** Task requirements **
In the entries below, find every line with the string "Proper" and copy it.

[[ Extracted material, beginning ]]

Definition prod_assoc (A Y B : ob C) : hom C (prod A (prod Y B)) (prod (prod A Y) B) :=
  pair (pair (pr1 _ _) (comp (pr1 _ _) (pr2 _ _))) (comp (pr2 _ _) (pr2 _ _)).

Definition prod_unassoc (A Y B : ob C) : hom C (prod (prod A Y) B) (prod A (prod Y B)) :=
  pair (comp (pr1 _ _) (pr1 _ _)) (pair (comp (pr2 _ _) (pr1 _ _)) (pr2 _ _)).

Definition prod_assoc_by (X A Y B : ob C) (sigma : hom C (prod A Y) X)
  : hom C (prod A (prod Y B)) (prod X B) :=
  comp (fprod sigma (idm B)) (prod_assoc A Y B).

Definition prod_unassoc_by (X A Y B : ob C) (tau : hom C X (prod A Y))
  : hom C (prod X B) (prod A (prod Y B)) :=
  comp (prod_unassoc A Y B) (fprod tau (idm B)).

Definition swap (A B : ob C) : hom C (prod A B) (prod B A) := pair (pr2 A B) (pr1 A B).

End ProductMorphisms.

Ltac hom_norm_with tac := repeat first
  [ rewrite comp_idl | rewrite comp_idr | rewrite pair_pr1 | rewrite pair_pr2
  | rewrite pair_comp | rewrite <- comp_assoc | rewrite pair_pr | tac ].

Ltac prod_eq_with tac :=
  unfold prod_assoc_by, prod_unassoc_by, fprod, prod_assoc, prod_unassoc, swap; hom_norm_with tac;
  first [reflexivity | apply prod_hom_ext; prod_eq_with tac].

Ltac prod_eq := prod_eq_with fail.

Section ProductIdentities.
Variable C : FPCat.

Lemma fprod_comp (A A' A'' B : ob C) (f : hom C A A') (f' : hom C A' A'') :
  fprod (comp f' f) (idm B) = comp (fprod f' (idm B)) (fprod f (idm B)).
Proof. prod_eq. Qed.

Lemma fprod_id (A B : ob C) : fprod (idm A) (idm B) = idm (prod A B).
Proof. prod_eq. Qed.

Lemma prod_assoc_unassoc (A Y B : ob C) :
  comp (prod_assoc C A Y B) (prod_unassoc C A Y B) = idm _.
Proof. prod_eq. Qed.

Lemma prod_assoc_by_unassoc (X A Y B : ob C)
  (sigma : hom C (prod A Y) X) (tau : hom C X (prod A Y)) :
  comp sigma tau = idm X ->
  comp (prod_assoc_by C X A Y B sigma) (prod_unassoc_by C X A Y B tau) = idm (prod X B).
Proof.
  intros sigma_tau; unfold prod_assoc_by, prod_unassoc_by.
  rewrite <- comp_assoc, (comp_assoc _ _ _ _ _ (fprod tau (idm B))), prod_assoc_unassoc, comp_idl.
  rewrite <- fprod_comp, sigma_tau, fprod_id; reflexivity.
Qed.

End ProductIdentities.

Section Triples.
Variables (C : FPCat) (P : DocData C).
Hypothesis HP : is_doctrine C P.

Lemma fle_refl A (x : fib P A) : fle P x x.
Proof. apply HP. Qed.

Lemma fle_trans A (x y z : fib P A) : fle P x y -> fle P y z -> fle P x z.
Proof. apply HP. Qed.

Lemma reidx_mono A B (f : hom C A B) (x y : fib P B) : fle P x y -> fle P (reidx P f x) (reidx P f y).
Proof. apply HP. Qed.

Lemma reidx_id A (x : fib P A) : reidx P (idm A) x = x.
Proof. apply HP. Qed.

Lemma reidx_comp A B D (f : hom C A B) (g : hom C B D) (x : fib P D) :
  reidx P (comp g f) x = reidx P f (reidx P g x).
Proof. apply HP. Qed.

Lemma fle_eq_trans A (x y z : fib P A) : x = y -> fle P y z -> fle P x z.
Proof. intros ->; exact id. Qed.

Ltac reidx_congr_with tac := repeat rewrite <- reidx_comp; f_equal; prod_eq_with tac.
Ltac fle_via_with y tac := apply (fle_eq_trans _ _ y); [reidx_congr_with tac |].
Tactic Notation "fle_via" constr(y) := fle_via_with y fail.

Lemma tri_le_preorder A : PreOrder (tri_le C P A).
Proof.
  split.
  - intros [B a]; exists (pr2 A B); simpl.
    rewrite pair_pr, reidx_id; apply fle_refl.
  - intros [B a] [D b] [E c] [g1 H1] [g2 H2]; simpl in *.
    exists (comp g1 (pair (pr1 A E) g2)); simpl.
    fle_via (reidx P (pair (pr1 A E) g2) (reidx P (pair (pr1 A D) g1) a)).
    eapply fle_trans; [apply reidx_mono, H1 | exact H2].
Qed.

Lemma tri_reidx_mono A A' (f : hom C A A') :
  Proper (tri_le C P A' ==> tri_le C P A) (tri_reidx C P A A' f).
Proof.
  intros [B a] [D b] [g H]; simpl in *.
  exists (comp g (fprod f (idm D))); simpl.
  fle_via (reidx P (fprod f (idm D)) (reidx P (pair (pr1 A' D) g) a)).
  apply reidx_mono, H.
Qed.

Lemma tri_reidx_id A (t : tri C P A) : tri_reidx C P A A (idm A) t = t.
Proof. destruct t as [B a]; unfold tri_reidx; simpl; rewrite fprod_id, reidx_id; reflexivity. Qed.

Lemma tri_reidx_comp A B D (f : hom C A B) (g : hom C B D) (t : tri C P D) :
  tri_reidx C P A D (comp g f) t = tri_reidx C P A B f (tri_reidx C P B D g t).
Proof. destruct t as [E a]; unfold tri_reidx; simpl; rewrite fprod_comp, reidx_comp; reflexivity. Qed.

Definition tri_all (X A Y : ob C) (sigma : hom C (prod A Y) X) (u : tri C P X) : tri C P A :=
  existT _ (prod Y (projT1 u))
    (reidx P (prod_assoc_by C X A Y _ sigma) (projT2 u)).

Lemma tri_all_mono X A Y (sigma : hom C (prod A Y) X) :
  Proper (tri_le C P X ==> tri_le C P A) (tri_all X A Y sigma).
Proof.
  intros [B b] [B' b'] [g H]; unfold tri_all; simpl in *.
  exists (pair (comp (pr1 Y B') (pr2 A _)) (comp g (prod_assoc_by C X A Y B' sigma))); simpl.
  fle_via (reidx P (prod_assoc_by C X A Y B' sigma) (reidx P (pair (pr1 X B') g) b)).
  apply reidx_mono, H.
Qed.

Lemma tri_all_reidx X X' A A' Y (sigma : hom C (prod A Y) X) (sigma' : hom C (prod A' Y) X')
  (f : hom C A' A) (f' : hom C X' X) :
  comp f' sigma' = comp sigma (fprod f (idm Y)) ->
  forall u, tri_all X' A' Y sigma' (tri_reidx C P X' X f' u)
          = tri_reidx C P A' A f (tri_all X A Y sigma u).
Proof.
  intros Hsq [B b]; unfold tri_all, tri_reidx; simpl.
  rewrite <- !reidx_comp; f_equal; f_equal; unfold prod_assoc_by.
  rewrite comp_assoc, <- fprod_comp, Hsq, fprod_comp, <- !comp_assoc; f_equal.
  prod_eq.
Qed.

Section Adjunction.
Variables (X A Y : ob C) (p : hom C X A).
Variables (sigma : hom C (prod A Y) X) (tau : hom C X (prod A Y)).
Hypotheses (p_sigma : comp p sigma = pr1 A Y) (sigma_tau : comp sigma tau = idm X).

Lemma p_sigma_comp W (k : hom C W (prod A Y)) : comp p (comp sigma k) = comp (pr1 A Y) k.
Proof. rewrite comp_assoc, p_sigma; reflexivity. Qed.

Lemma pr1_tau_comp W (k : hom C W X) : comp (pr1 A Y) (comp tau k) = comp p k.
Proof.
  rewrite <- p_sigma, <- comp_assoc, (comp_assoc _ _ _ _ _ k tau sigma), sigma_tau, comp_idl.
  reflexivity.
Qed.

Ltac split_eq := prod_eq_with ltac:(first [rewrite p_sigma_comp | rewrite pr1_tau_comp]).

Lemma tri_all_adjoint t u :
  tri_le C P X (tri_reidx C P X A p t) u <-> tri_le C P A t (tri_all X A Y sigma u).
Proof.
  destruct t as [D d], u as [B b]; unfold tri_le, tri_reidx, tri_all; simpl.
  split; intros [g H].
  - exists (comp g (prod_assoc_by C X A Y B sigma)).
    fle_via_with (reidx P (prod_assoc_by C X A Y B sigma)
                    (reidx P (pair (pr1 X B) g) (reidx P (fprod p (idm D)) d))) split_eq.
    apply reidx_mono, H.
  - exists (comp g (prod_unassoc_by C X A Y B tau)).
    fle_via_with (reidx P (prod_unassoc_by C X A Y B tau)
                    (reidx P (pair (pr1 A (prod Y B)) g) d)) split_eq.
    eapply fle_trans; [apply reidx_mono, H |].
    rewrite <- reidx_comp, prod_assoc_by_unassoc, reidx_id by exact sigma_tau.
    apply fle_refl.
Qed.

End Adjunction.
End Triples.

Section Completion.
Variables (C : FPCat) (P : DocData C).
Hypothesis HP : is_doctrine C P.

Lemma Pun_doctrine : is_doctrine C (Pun P).
Proof.
  pose proof (tri_le_preorder C P HP) as pre.
  split; [|split; [|split; [|split; [|split]]]]; cbn.
  - intros A; apply (refl_le_preorder (pre A)).
  - intros A; apply (refl_le_preorder (pre A)).
  - intros A; apply refl_le_antisym, pre.
  - intros A B f; apply (refl_map_mono (pre A)), tri_reidx_mono, HP.
  - intros A; apply refl_map_id; intros; apply tri_reidx_id, HP.
  - intros A B D f g; apply refl_map_comp;
      [apply pre .. | apply tri_reidx_mono, HP | apply tri_reidx_comp, HP].
Qed.

Definition Pun_all (X A Y : ob C) (sigma : hom C (prod A Y) X) : fib (Pun P) X -> fib (Pun P) A :=
  refl_map (tri_le C P X) (tri_le C P A) (tri_all C P X A Y sigma).

Lemma Pun_all_adjoint X A Y (p : hom C X A) (sigma : hom C (prod A Y) X) (tau : hom C X (prod A Y)) :
  comp p sigma = pr1 A Y -> comp sigma tau = idm X ->
  forall S T, fle (Pun P) (reidx (Pun P) p S) T <-> fle (Pun P) S (Pun_all X A Y sigma T).
Proof.
  intros p_sigma sigma_tau; apply refl_map_adjoint; try apply tri_le_preorder, HP.
  intros; apply tri_all_adjoint with tau; assumption.
Qed.

Lemma Pun_all_reidx X X' A A' Y (sigma : hom C (prod A Y) X) (sigma' : hom C (prod A' Y) X')
  (f : hom C A' A) (f' : hom C X' X) :
  comp f' sigma' = comp sigma (fprod f (idm Y)) ->
  forall S, Pun_all X' A' Y sigma' (reidx (Pun P) f' S) = reidx (Pun P) f (Pun_all X A Y sigma S).
Proof.
  intros Hsq S; apply refl_map_square; try apply tri_le_preorder, HP.
  - apply tri_all_mono, HP.
  - apply tri_reidx_mono, HP.
  - intros; apply tri_all_reidx; [exact HP | exact Hsq].
Qed.

End Completion.

Theorem theorem2 (C : FPCat) (P : DocData C) :
  slat_doctrine C P -> is_universal C (Pun P).
Proof.
  intros HP; split; [exact (Pun_doctrine C P HP)|].
  exists (fun A1 A2 => Pun_all C P (prod A1 A2) A1 A2 (idm _)),
         (fun A1 A2 => Pun_all C P (prod A1 A2) A2 A1 (swap C A2 A1)).
  split; [|split; [|split]]; intros.
  - apply Pun_all_adjoint with (tau := idm _); [exact HP | prod_eq ..].
  - apply Pun_all_adjoint with (tau := swap C A1 A2); [exact HP | prod_eq ..].
  - apply Pun_all_reidx; [exact HP | prod_eq].
  - apply Pun_all_reidx; [exact HP | prod_eq].
Qed.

[[ Extracted material, end ]]

** Response **
  Proper (tri_le C P A' ==> tri_le C P A) (tri_reidx C P A A' f).
  Proper (tri_le C P X ==> tri_le C P A) (tri_all X A Y sigma).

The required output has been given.